Shower Musings (a.k.a. I Really Need A Waterproof Notebook) Part I: "Body and Soul"
One day a girl was walking down a large city street. Seeing a man sitting with a cardboard sign up ahead, she thought of how sad his lot in life was. She said a prayer for the man, and then a prayer of gratefulness for the power bar in her purse, the large pasta dinner she would be greeted with back at the apartment. As she finally passed the man, she gave him a loving smile and the words, "Jesus loves you!" Passing, she felt guilty: who was she to pass by without kneeling down to pray for and with her fellow man? Without offering any service God had rendered her to this poor creature, to make known the love of the Creator to this homeless man? So though her feet hurt, though she was expected at home, she turned around and crouched next to the man. Shakily, he raised his eyes to hers. An eagerness in his eyes that the rest of his frame was devoid of, he croaked desperately, "Food?"
"Sir," the girl said, touching his arm, "The nourishment of God's love is everlasting, beyond the sufferings of the temporal body. May I pray for you?"
The girl bowed her head and did not see the man's eyes glaze over, his mind far from that dingy street and the sweet-smelling girl beside him.

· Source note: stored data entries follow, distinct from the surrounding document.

Lemma qclass_eq A (R : relation A) a b : R a b -> qclass R a = qclass R b.
Proof.
move=> Rab; apply: sval_inj; apply: functional_extensionality => y /=.
apply: propositional_extensionality; split => Hy.
- exact: rst_trans (rst_sym _ _ _ _ (rst_step _ _ _ _ Rab)) Hy.
- exact: rst_trans (rst_step _ _ _ _ Rab) Hy.
Qed.

Lemma qclass_surj A (R : relation A) (z : quot R) : exists a, z = qclass R a.
Proof. by case: z => P [a HP]; exists a; apply: sval_inj. Qed.

Lemma qmap_qclass A B (R : relation A) (S : relation B) (g : A -> B)
    (Hg : forall a b, R a b -> eqv S (g a) (g b)) a :
  qmap Hg (qclass R a) = qclass S (g a).
Proof.
apply: sval_inj; apply: functional_extensionality => y /=.
apply: propositional_extensionality; split.
- by case=> a' [Ha Hy]; apply: rst_trans Hy; apply: (eqv_map Hg).
- by move=> Hy; exists a; split => //; apply: rst_refl.
Qed.

Definition qlift A Y (R : relation A) (g : A -> Y)
    (Hg : forall a b, R a b -> g a = g b) (z : quot R) : Y :=
  g (sval (constructive_indefinite_description _ (svalP z))).

Lemma qlift_qclass A Y (R : relation A) (g : A -> Y)
    (Hg : forall a b, R a b -> g a = g b) a :
  qlift Hg (qclass R a) = g a.
Proof.
rewrite /qlift; case: constructive_indefinite_description => a' /= E.
have : eqv R a a' by rewrite E; apply: rst_refl.
by move/(eqv_const Hg).
Qed.

Lemma hom_congr (A B : precset) (h k : hom A B) : h = k -> forall m (a : A m), h m a = k m a.
Proof. by move=> ->. Qed.

(* [bwiden m] and [bcollapse m] induce a projection I^(m+1) -> I^m and a
   face I^m -> I^(m+1) that it retracts; [bsucc f] is f × 1_I. *)
Definition bwiden m : bmap m m.+1 :=
  @BMap m m.+1 (fun x => match x with
                         | Bot => Bot | Top => Top | PX i => PX (lift ord_max i) end)
    erefl erefl.

Definition bcollapse m : bmap m.+1 m :=
  @BMap m.+1 m (fun x => match x with
                         | Bot => Bot | Top => Top
                         | PX j => if unlift ord_max j is Some j' then PX j' else Bot
                         end)
    erefl erefl.

Definition bsucc m m' (f : bmap m m') : bmap m.+1 m'.+1 :=
  @BMap m.+1 m'.+1 (fun x => match x with
                             | Bot => Bot | Top => Top
                             | PX j => if unlift ord_max j is Some j'
                                       then bwiden m' (f (PX j')) else PX ord_max
                             end)
    erefl erefl.

Lemma bwidenK m : cancel (bwiden m) (bcollapse m).
Proof. by case=> //= i; rewrite liftK. Qed.

Lemma bcollapse_widen m : bcomp (bcollapse m) (bwiden m) = bid m.
Proof. by apply: bmap_eq; apply: functional_extensionality; apply: bwidenK. Qed.

Lemma bsucc_widen m m' (f : bmap m m') : bcomp (bsucc f) (bwiden m) = bcomp (bwiden m') f.
Proof.
apply: bmap_eq; apply: functional_extensionality => -[||i] /=.
- by rewrite bfun_bot.
- by rewrite bfun_top.
- by rewrite liftK.
Qed.

Lemma bcollapse_succ m m' (f : bmap m m') :
  bcomp (bcollapse m') (bsucc f) = bcomp f (bcollapse m).
Proof.
apply: bmap_eq; apply: functional_extensionality => -[||j] /=.
- by rewrite bfun_bot.
- by rewrite bfun_top.
- case: unliftP => [j'|] _ /=; first exact: bwidenK.
  by rewrite unlift_none bfun_bot.
Qed.

Definition restr (X C : precset) k r (b : hom (cprod (cube k) C) X) (u : bmap k r) :
  hom (cprod (cube r) C) X :=
  hcomp b (hprod1 C (yon u)).

Lemma restr_comp (X C : precset) k r s (b : hom (cprod (cube k) C) X)
    (u : bmap k r) (f : bmap r s) :
  restr (restr b u) f = restr b (bcomp f u).
Proof. by apply: hom_eq => t [w z] /=; congr (b t (_, z)); apply: bmap_eq. Qed.

Lemma restr_id (X C : precset) k (b : hom (cprod (cube k) C) X) : restr b (bid k) = b.
Proof. by apply: hom_eq => t [w z] /=; congr (b t (_, z)); apply: bmap_eq. Qed.

Lemma hcomp_restr (X Y C : precset) k r (h : hom X Y)
    (b : hom (cprod (cube k) C) X) (u : bmap k r) :
  hcomp h (restr b u) = restr (hcomp h b) u.
Proof. exact: hom_eq. Qed.

Definition tcell (X : precset) n' e m (b : expo X n' e m) (g : cube n'.+1 m) : Tobj X m :=
  qclass (@Trel X m) (inr (existT _ (n', e) (b, g))).

Lemma Tobj_ind (X : precset) m (P : Tobj X m -> Prop) :
  (forall x, P (tpt x)) ->
  (forall n' e (b : expo X n' e m) g, P (tcell b g)) ->
  forall z, P z.
Proof.
move=> Pt Pc z; have [[x | [[n' e] [b g]]] ->] := qclass_surj z; [exact: Pt | exact: Pc].
Qed.

Lemma tcell_box (X : precset) n' e m (b : expo X n' e m) (u : box n' e m) :
  tcell b (box_incl n' e m u) = tpt (evalb b u).
Proof. exact/qclass_eq/Trel_gen. Qed.

Lemma act_tpt (X : precset) m m' (f : bmap m m') (x : X m) :
  act (p := Tobj X) f (tpt x) = tpt (act f x).
Proof. exact: qmap_qclass. Qed.

Lemma act_tcell (X : precset) n' e m m' (f : bmap m m') (b : expo X n' e m) g :
  act (p := Tobj X) f (tcell b g) = tcell (restr b f) (bcomp f g).
Proof. exact: qmap_qclass. Qed.

Lemma Tmap_tpt (X Y : precset) (h : hom X Y) m (x : X m) : Tmap h (tpt x) = tpt (h m x).
Proof. exact: qmap_qclass. Qed.

Lemma Tmap_tcell (X Y : precset) (h : hom X Y) n' e m (b : expo X n' e m) g :
  Tmap h (tcell b g) = tcell (hcomp h b) g.
Proof. exact: qmap_qclass. Qed.

Section AlgebraKan.
Variables (X : cset) (A : talg X).

Definition talg_fill n' e k' (b : hom (cprod (cube k'.+1) (box n' e)) X) :
  hom (cprod (cube k'.+1) (cube n'.+1)) X.
Proof.
refine (@Hom (cprod (cube k'.+1) (cube n'.+1)) X
  (fun r uv => aphi A r (tcell (restr b uv.1) uv.2)) _).
by move=> r s f [u v]; rewrite /= -hnat act_tcell restr_comp.
Defined.

Lemma talg_fill_ext n' e k' (b : hom (cprod (cube k'.+1) (box n' e)) X) :
  hcomp (talg_fill b) (hprod1r (cube k'.+1) (box_incl n' e)) = b.
Proof.
apply: hom_eq => r [u w] /=.
rewrite tcell_box aunit /evalb /=.
by congr (b r (_, w)); apply: bmap_eq.
Qed.

Lemma talg_fill_unif n' e k' j' (a : hom (cube j'.+1) (cube k'.+1))
    (b : hom (cprod (cube k'.+1) (box n' e)) X) :
  talg_fill (hcomp b (hprod1 (box n' e) a)) = hcomp (talg_fill b) (hprod1 (cube n'.+1) a).
Proof.
apply: hom_eq => r [u v] /=; congr (aphi A r (tcell _ v)).
apply: hom_eq => s [w z] /=; congr (b s (_, z)); exact: (hnat _ _ a).
Qed.

Definition ukan_of_talg : ukan X := UKan talg_fill_ext talg_fill_unif.

Lemma talg_tcell n' e m (b : expo X n' e m) g :
  aphi A m (tcell b g) = kphi ukan_of_talg (restr b (bwiden m)) m (bcollapse m, g).
Proof. by rewrite /= restr_comp bcollapse_widen restr_id. Qed.

End AlgebraKan.

Section KanAlgebra.
Variables (X : cset) (K : ukan X).

Definition ukan_eval m (a : Tpre X m) : X m :=
  match a with
  | inl x => x
  | inr (existT ne (b, g)) => kphi K (restr b (bwiden m)) m (bcollapse m, g)
  end.

Lemma ukan_eval_resp m (a a' : Tpre X m) : Trel a a' -> ukan_eval a = ukan_eval a'.
Proof.
case=> n' e b u /=.
have /= -> := hom_congr (kext K (restr b (bwiden m))) (bcollapse m, u).
by rewrite /evalb /= bcollapse_widen.
Qed.

Definition ukan_alg_fun m : Tobj X m -> X m := qlift (@ukan_eval_resp m).

Lemma ukan_alg_fun_tpt m (x : X m) : ukan_alg_fun (tpt x) = x.
Proof. exact: qlift_qclass. Qed.

Lemma ukan_alg_fun_tcell n' e m (b : expo X n' e m) g :
  ukan_alg_fun (tcell b g) = kphi K (restr b (bwiden m)) m (bcollapse m, g).
Proof. exact: qlift_qclass. Qed.

(* Both widenings of [b] along [f] are restrictions of one box along
   [bsucc f], which uniformity moves outside the filler. *)
Lemma ukan_alg_fun_nat m m' (f : bmap m m') (z : Tobj X m) :
  ukan_alg_fun (act f z) = act f (ukan_alg_fun z).
Proof.
elim/Tobj_ind: z => [x | n' e b g].
  by rewrite act_tpt !ukan_alg_fun_tpt.
rewrite act_tcell !ukan_alg_fun_tcell -hnat /=.
have -> : restr (restr b f) (bwiden m') = restr (restr b (bwiden m)) (bsucc f).
  by rewrite !restr_comp bsucc_widen.
by rewrite [kphi K _](kunif K (yon (bsucc f))) /= bcollapse_succ.
Qed.

Definition talg_of_ukan : talg X :=
  @TAlg X (Hom (@ukan_alg_fun) (@ukan_alg_fun_nat)) ukan_alg_fun_tpt.

End KanAlgebra.

Lemma talg_eq (X : cset) (A B : talg X) : aphi A = aphi B -> A = B.
Proof.
case: A B => a ua [b ub] /= E; subst b.
by rewrite (proof_irrelevance _ ua ub).
Qed.

Lemma ukan_eq (X : cset) (K L : ukan X) :
  (forall n' e k' b, @kphi X K n' e k' b = @kphi X L n' e k' b) -> K = L.
Proof.
case: K L => k ke ku [l le lu] /= E.
have {}E : k = l.
  do 3 apply: functional_extensionality_dep => ?.
  exact: functional_extensionality.
subst l; by rewrite (proof_irrelevance _ ke le) (proof_irrelevance _ ku lu).
Qed.

Lemma ukan_of_talgK (X : cset) : cancel (@ukan_of_talg X) (@talg_of_ukan X).
Proof.
move=> A; apply: talg_eq; apply: hom_eq => m.
elim/Tobj_ind => [x | n' e b g] /=.
- by rewrite ukan_alg_fun_tpt aunit.
- by rewrite ukan_alg_fun_tcell talg_tcell.
Qed.

(* Uniformity along the projection I^(r+1) -> I^k induced by [bwiden r]
   and [u] recovers the original filler. *)
Lemma talg_of_ukanK (X : cset) : cancel (@talg_of_ukan X) (@ukan_of_talg X).
Proof.
move=> K; apply: ukan_eq => n' e k' b; apply: hom_eq => r [u v] /=.
rewrite ukan_alg_fun_tcell restr_comp.
rewrite [kphi K _](kunif K (yon (bcomp (bwiden r) u))) /=.
congr (kphi K b r (_, v)); apply: bmap_eq; apply: functional_extensionality => x /=.
exact: bwidenK.
Qed.

Lemma talg_homE (X Y : cset) (A : talg X) (B : talg Y) (h : hom X Y) :
  talg_hom A B h <-> ukan_hom (ukan_of_talg A) (ukan_of_talg B) h.
Proof.
split=> [Hh n' e k' b | Hh m].
- apply: hom_eq => r [u v] /=.
  by rewrite Hh Tmap_tcell hcomp_restr.
- elim/Tobj_ind => [x | n' e b g].
    by rewrite Tmap_tpt !aunit.
  rewrite Tmap_tcell !talg_tcell -hcomp_restr.
  exact: (hom_congr (Hh n' e m (restr b (bwiden m))) (bcollapse m, g)).
Qed.

Theorem proposition3p1 :
  exists (F : forall X : cset, talg X -> ukan X) (G : forall X : cset, ukan X -> talg X),
    (forall (X : cset) (A : talg X), G X (F X A) = A) /\
    (forall (X : cset) (K : ukan X), F X (G X K) = K) /\
    (forall (X Y : cset) (A : talg X) (B : talg Y) (h : hom X Y),
        talg_hom A B h <-> ukan_hom (F X A) (F Y B) h).
Proof.
exists ukan_of_talg, talg_of_ukan; split; [|split].
- exact: ukan_of_talgK.
- exact: talg_of_ukanK.
- exact: talg_homE.
Qed.
Lemma bmul_norm a b : `|mul a b| <= `|a| * `|b|.
Proof. by case: mulV. Qed.

Lemma is_linear_rmul a : is_linear_map (mul^~ a).
Proof. by case: mulV => _ mulDZl _ _ k x y; apply: mulDZl. Qed.

Lemma is_linear_lmul a : is_linear_map (mul a).
Proof. by case: mulV => _ _ mulDZr _ k x y; apply: mulDZr. Qed.

Lemma bmul0l a : mul 0 a = 0. Proof. exact: linear_map0 (is_linear_rmul a). Qed.
Lemma bmul0r a : mul a 0 = 0. Proof. exact: linear_map0 (is_linear_lmul a). Qed.
Lemma bmulDl a b c : mul (a + b) c = mul a c + mul b c.
Proof. exact: (linear_mapD (is_linear_rmul c) a b). Qed.
Lemma bmulDr a b c : mul a (b + c) = mul a b + mul a c.
Proof. exact: (linear_mapD (is_linear_lmul a) b c). Qed.
Lemma bmulBl a b c : mul (a - b) c = mul a c - mul b c.
Proof. exact: (linear_mapB (is_linear_rmul c) a b). Qed.
Lemma bmulBr a b c : mul a (b - c) = mul a b - mul a c.
Proof. exact: (linear_mapB (is_linear_lmul a) b c). Qed.

Lemma continuous_rmul a : continuous (mul^~ a).
Proof.
apply: (bounded_linear_map_continuous (is_linear_rmul a) (normr_ge0 a)) => y.
by rewrite mulrC bmul_norm.
Qed.

Definition rmul (a : V) : endo V := Endo (fun x y => bmulBl x y a).

(* [right_pow u n] is u^(n+1). *)
Definition right_pow (u : V) n := iter n (mul^~ u) u.

Lemma left_quasi_invertible_series u :
  cvgn (series (right_pow u)) -> left_quasi_invertible mul u.
Proof.
set s := limn (series (right_pow u)) => s_cvg.
have shift n : mul (series (right_pow u) n) u = series (right_pow u) n.+1 - u.
  have s0 : series (right_pow u) 0 = 0 by rewrite /series /= big_geq.
  elim: n => [|n IH]; first by rewrite seriesS s0 bmul0l addr0 subrr.
  by rewrite seriesS bmulDl IH [in RHS]seriesS addrA.
have su : mul s u = s - u.
  have lim_su := continuous_cvg _ (@continuous_rmul u s) s_cvg.
  have lim_s_u : (mul^~ u \o series (right_pow u) @ \oo --> s - u)%classic.
    rewrite (_ : _ \o _ = fun n => series (right_pow u) n.+1 - u).
      by apply: cvgB; [rewrite cvg_shiftS|exact: cvg_cst].
    by apply: funext => n /=; rewrite shift.
  exact: (cvg_unique (@norm_hausdorff _ V) (lim_su _) lim_s_u).
(* [s u = s - u] makes [- s] a left quasi-inverse of [u]. *)
exists (- s); rewrite -[- s]sub0r bmulBl bmul0l su.
by rewrite !sub0r opprK addrCA addrK subrr.
Qed.

End BanachAlgebraLaws.

Section OperatorBounds.
Variables (K : numFieldType) (V : normedModType K).

Definition op_bound (T : endo V) (c : K) := forall y, `|T y| <= c * `|y|.

Lemma op_bound_mul T U c c' : 0 <= c ->
  op_bound T c -> op_bound U c' -> op_bound (T * U) (c * c').
Proof.
by move=> c0 Tc Uc y; rewrite -mulrA (le_trans (Tc _)) // ler_wpM2l.
Qed.

Lemma op_bound_sub T U c c' :
  op_bound T c -> op_bound U c' -> op_bound (T - U) (c + c').
Proof.
by move=> Tc Uc y; rewrite (le_trans (ler_normB _ _)) // mulrDl lerD.
Qed.

Lemma op_bound_exp T c n : 0 <= c -> op_bound T c -> op_bound (T ^+ n) (c ^+ n).
Proof.
move=> c0 Tc; elim: n => [|n IH]; first by move=> y; rewrite !expr0 mul1r.
by rewrite !exprS; apply: op_bound_mul.
Qed.

Lemma op_bound_ad S T s c : 0 <= s -> 0 <= c ->
  op_bound S s -> op_bound T c -> op_bound (ad S T) (2 * s * c).
Proof.
move=> s0 c0 Ss Tc; have -> : 2 * s * c = c * s + s * c by rewrite mulr2n; ring.
by apply: op_bound_sub; apply: op_bound_mul.
Qed.

Lemma op_bound_iter_ad S T s c n : 0 <= s -> 0 <= c ->
  op_bound S s -> op_bound T c -> op_bound (iter n (ad S) T) ((2 * s) ^+ n * c).
Proof.
move=> s0 c0 Ss Tc; elim: n => [|n IH] /=; first by rewrite expr0 mul1r.
rewrite exprS -!mulrA mulrA; apply: op_bound_ad => //.
by rewrite mulr_ge0 // exprn_ge0 // mulr_ge0.
Qed.

End OperatorBounds.

Lemma complex_archi (R : realType) (z : R[i]) :
  0 <= z -> exists m : nat, z < m%:R.
Proof.
move=> z0; exists (Num.bound (complex.Re z)).
have := z0; rewrite lecE => /andP[_ Re_ge0].
rewrite -(RRe_real (ger0_real z0)) -(rmorph_nat (real_complex R)) ltcR.
exact: archi_boundP.
Qed.

Section GeometricallyBoundedSeries.
Variables (R : realType) (V : completeNormedModType R[i]).
Variables (v : V ^nat) (A : R[i]).
Hypothesis v_le : forall n, `|v n| * 2 ^+ n <= A.

Let q : R[i] := 2^-1.

Let A_ge0 : 0 <= A.
Proof. by rewrite (le_trans _ (v_le 0)) // expr0 mulr1. Qed.

Lemma geometric_tail_sum i k :
  \sum_(i <= l < i + k) A * q ^+ l + 2 * A * q ^+ (i + k) = 2 * A * q ^+ i.
Proof.
elim: k => [|k IH]; first by rewrite addn0 big_geq // add0r.
rewrite addnS big_nat_recr ?leq_addr //= -addrA -IH; congr (_ + _).
have two_neq0 : (2 : R[i]) != 0 by rewrite pnatr_eq0.
by rewrite exprS /q; field.
Qed.

Lemma series_tail_le i j : `|\sum_(i <= l < j) v l| <= 2 * A * q ^+ i.
Proof.
have q_ge0 : 0 <= q by rewrite invr_ge0 ler0n.
have [lij|lji] := leqP i j; last first.
  by rewrite big_geq ?normr0 ?mulr_ge0 ?exprn_ge0 // ltnW.
rewrite (le_trans (ler_norm_sum _ _ _)) // -(subnKC lij).
rewrite -(geometric_tail_sum i (j - i)).
rewrite -[X in X <= _]addr0 lerD ?mulr_ge0 ?exprn_ge0 //.
apply: ler_sum => l _; rewrite /q exprVn ler_pdivlMr ?exprn_gt0 //; exact: v_le.
Qed.

Lemma cvg_series_geometric_bound : cvgn (series v).
Proof.
apply/cauchy_cvgP/cauchy_seriesP => e e0.
have [N ltN] : exists N : nat, 2 * A / e < N%:R.
  by apply: complex_archi; rewrite divr_ge0 ?mulr_ge0 ?A_ge0 ?ltW.
exists ([set k | (N <= k)%N]%classic, [set k | (N <= k)%N]%classic).
  by split; exists N.
move=> [i j] /= [leNi _]; rewrite (le_lt_trans (series_tail_le i j)) //.
rewrite /q exprVn ltr_pdivrMr ?exprn_gt0 //.
move: ltN; rewrite ltr_pdivrMr // => /lt_le_trans; apply.
rewrite mulrC ler_pM2l // -natrX ler_nat ltnW //.
by rewrite (leq_ltn_trans leNi) // ltn_expl.
Qed.

End GeometricallyBoundedSeries.

Lemma leq_expn_fact m n : (m ^ n <= m ^ m * n`!)%N.
Proof.
elim: n => [|n IH]; first by rewrite expn0 fact0 muln1 expn_gt0; case: m.
have [ltnm|lemn] := ltnP n m.
  have m_gt0 : (0 < m)%N by apply: leq_ltn_trans ltnm.
  by rewrite (@leq_trans (m ^ m)) // ?leq_pexp2l // leq_pmulr // fact_gt0.
by rewrite expnS factS mulnCA leq_mul // leqW.
Qed.

Section CommutativeModuloRadical.
Variables (R : realType) (V : completeNormedModType R[i]) (mul : V -> V -> V).
Hypotheses (mulV : is_banach_algebra mul)
  (rad_rann : forall a, jacobson_rad mul a <-> rann mul a)
  (comm_mod_rad : quotient_rad_commutative mul).

Local Notation R_ := (rmul mulV).

Lemma bmulCr y p q : mul y (mul p q) = mul y (mul q p).
Proof.
apply/eqP; rewrite -subr_eq0 -(bmulBr mulV).
by apply/eqP; apply: (rad_rann _).1 (comm_mod_rad p q) y.
Qed.

Lemma rmulM a b : R_ (mul a b) = R_ a * R_ b.
Proof. by apply: endoP => y /=; rewrite bmulCr (bmulA mulV). Qed.

Lemma rmulC a b : R_ a * R_ b = R_ b * R_ a.
Proof. by rewrite -!rmulM; apply: endoP => y; apply: bmulCr. Qed.

Lemma op_bound_rmul a : op_bound (R_ a) `|a|.
Proof. by move=> y; rewrite mulrC (bmul_norm mulV). Qed.

Section BoundedDerivation.
Variables (d : V -> V) (d_lin : is_linear_map d).
Hypothesis d_der : forall a b, d (mul a b) = mul (d a) b + mul a (d b).
Variables (M : R[i]) (M_ge0 : 0 <= M) (d_le : forall y, `|d y| <= M * `|y|).

Let D : endo V := Endo (linear_mapB d_lin).

Lemma ad_rmul_derivation x : ad (R_ x) D = R_ (d x).
Proof.
by apply: endoP => y; rewrite endo_subE !endo_mulE /= d_der addrC addKr.
Qed.

Lemma rmul_derivation_exp_le x n w :
  `|(R_ (d x) ^+ n) w| * n`!%:R <= (2 * `|x| * M) ^+ n * `|w|.
Proof.
have ad_adD : ad (R_ x) (ad (R_ x) D) = 0.
  by rewrite ad_rmul_derivation /ad rmulC subrr.
have := op_bound_iter_ad n (normr_ge0 x) (exprn_ge0 n M_ge0) (op_bound_rmul x)
  (op_bound_exp n M_ge0 (d_le : op_bound D M)) w.
rewrite (kleinecke_shirokov ad_adD) ad_rmul_derivation endo_natmulE normrMn.
by rewrite mulr_natr !exprMn.
Qed.

Lemma derivation_rad x : jacobson_rad mul (d x).
Proof.
move=> b; set u := mul b (d x); set K := 2 * `|x| * M * `|b|.
have [m ltm] : exists m : nat, 2 * K < m%:R.
  by apply: complex_archi; rewrite !mulr_ge0.
apply/(left_quasi_invertible_series mulV).
apply: (cvg_series_geometric_bound (A := m%:R ^+ m * `|u|)) => n.
have -> : right_pow mul u n = (R_ (d x) ^+ n) ((R_ b ^+ n) u).
  have -> : right_pow mul u n = (R_ u ^+ n) u by rewrite endo_expE.
  by rewrite rmulM rmulC exprMn_comm //; apply: rmulC.
have fact_gt0 : (0 : R[i]) < n`!%:R by rewrite ltr0n fact_gt0.
rewrite -(ler_pM2r fact_gt0) mulrAC.
have le1 := rmul_derivation_exp_le x n ((R_ b ^+ n) u).
have le2 := op_bound_exp n (normr_ge0 b) (op_bound_rmul b) u.
have le3 : (2 * K) ^+ n <= m%:R ^+ n.
  by apply: lerXn2r; rewrite ?ltW // nnegrE ?mulr_ge0.
have le4 : (m%:R ^+ n : R[i]) <= m%:R ^+ m * n`!%:R.
  by rewrite -!natrX -natrM ler_nat leq_expn_fact.
rewrite (le_trans (ler_wpM2r _ le1)) ?exprn_ge0 //.
rewrite (le_trans (ler_wpM2r _ (ler_wpM2l _ le2))) ?exprn_ge0 ?mulr_ge0 //.
have -> : (2 * `|x| * M) ^+ n * (`|b| ^+ n * `|u|) * 2 ^+ n =
          (2 * K) ^+ n * `|u|.
  by rewrite /K !exprMn; ring.
rewrite (le_trans (ler_wpM2r _ le3)) //.
by rewrite (le_trans (ler_wpM2r _ le4)) // mulrAC.
Qed.

End BoundedDerivation.

Lemma rmul_frakC a : frakC mul (mul^~ a).
Proof.
have rmul_lin := is_linear_rmul mulV a.
split; first by split; [exact: rmul_lin | exact: continuous_rmul].
split.
  split=> //; exists (fun _ => 0); split.
    split=> [k y z|y z]; first by rewrite scaler0 addr0.
    by rewrite (bmul0l mulV) (bmul0r mulV) addr0.
  by move=> y z; rewrite (bmul0l mulV) addr0 (bmulA mulV).
move=> x y; rewrite /commutator -(bmulA mulV) bmulCr subrr.
by rewrite (bmul0l mulV) (bmul0r mulV).
Qed.

Section RightIdentity.
Variables (e : V) (mul_e : forall a, mul a e = a).

Lemma central_commutator_eq0 p q :
  center mul (commutator mul p q) -> commutator mul p q = 0.
Proof.
by move=> /(_ e); rewrite mul_e => ->; rewrite (bmulBr mulV) bmulCr subrr.
Qed.

Lemma derivation_commute_left_id (d : V -> V) : is_linear_map d ->
  (forall a b, d (mul a b) = mul (d a) b + mul a (d b)) ->
  (forall x, mul (d x) x = mul x (d x)) -> forall x, mul e (d x) = d x.
Proof.
move=> d_lin d_der d_comm x.
have d_e : d e = 0.
  have mul_de y : mul y (d e) = 0.
    have /eqP := d_der y e; rewrite !mul_e -subr_eq0 opprD addrA subrr sub0r.
    by rewrite oppr_eq0 => /eqP.
  by rewrite -[d e]mul_e d_comm mul_de.
have := d_comm (x + e); rewrite (linear_mapD d_lin) d_e addr0.
by rewrite (bmulDr mulV) (bmulDl mulV) mul_e d_comm => /addrI/esym.
Qed.

Lemma frakC_rmul delta : frakC mul delta -> delta = mul^~ (delta e).
Proof.
move=> [[delta_lin delta_cont] [[_ [d [[d_lin d_der] delta_der]]] delta_cent]].
have deltaE x : delta x = mul x (delta e) + d x.
  by rewrite -{1}[x]mul_e delta_der mul_e.
have [M [M_ge0 delta_le]] := continuous_linear_map_bounded delta_lin delta_cont.
have d_le y : `|d y| <= (M + `|delta e|) * `|y|.
  have -> : d y = delta y - mul y (delta e) by rewrite deltaE addrC addKr.
  by rewrite (le_trans (ler_normB _ _)) // mulrDl lerD // mulrC (bmul_norm mulV).
have d_comm x : mul (d x) x = mul x (d x).
  have /eqP := central_commutator_eq0 (delta_cent x).
  rewrite subr_eq0 deltaE (bmulDl mulV) (bmulDr mulV) => /eqP.
  by rewrite -(bmulA mulV) bmulCr (bmulA mulV) => /addrI.
have d_rad x := derivation_rad d_lin d_der (addr_ge0 M_ge0 (normr_ge0 _)) d_le x.
apply: funext => x; rewrite deltaE.
rewrite -(derivation_commute_left_id d_lin d_der d_comm).
by rewrite ((rad_rann _).1 (d_rad x)) addr0.
Qed.

End RightIdentity.
End CommutativeModuloRadical.

Theorem theorem4p9 (R : realType) (V : completeNormedModType R[i])
  (mul : V -> V -> V) :
  is_banach_algebra mul ->
  (forall a, jacobson_rad mul a <-> rann mul a) ->
  quotient_rad_commutative mul ->
  has_right_identity mul ->
  exists Psi : V -> (V -> V), quotient_rad_iso_frakC mul Psi.
Proof.
move=> mulV rad_rann comm_mod_rad [e mul_e].
exists (fun a x => mul x a); split.
- move=> a b; rewrite rad_rann; split=> [ab y | ab_rann].
    by rewrite (bmulBr mulV) (congr1 (@^~ y) ab) subrr.
  by apply: funext => y; apply/eqP; rewrite -subr_eq0 -(bmulBr mulV) ab_rann.
- by move=> k a b; apply: funext => x; apply: (is_linear_lmul mulV).
- move=> a b; apply: funext => x /=.
  by rewrite (bmulCr mulV rad_rann comm_mod_rad) (bmulA mulV).
move=> delta; split=> [|[a <-]]; last exact: rmul_frakC.
by move=> /(frakC_rmul mulV rad_rann comm_mod_rad mul_e) ->; exists (delta e).
Qed.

The girl prayed a beautiful, fervent prayer and then raised her head, offered the man a gentle, "God bless you, sir," and went away contented.
The next day, a pastor was walking down that same street, with a posse of Christian warriors, among them a doctor, all on a mission to share the love of Christ. Coming upon the man, they knelt beside him and tried to wake him. When the doctor at last pronounced him dead, one of the young women threw her arms around the man and wept. The doctor looked at the pastor and told him quietly that the man had only died a few hours before they arrived. "He must have starved," the doctor muttered sadly, shaking his head, "If only he'd gotten a little bit of food in him in the last twenty-four hours, we could've saved him."
From this little shower-time musing, I have taught myself the following: A body is only temporal, but it is here now. Just because it won't last forever doesn't mean it doesn't matter now. Fill transitory stomachs when you need to. As Tiana's momma always said, "The quickest way to a man's heart is through his stomach."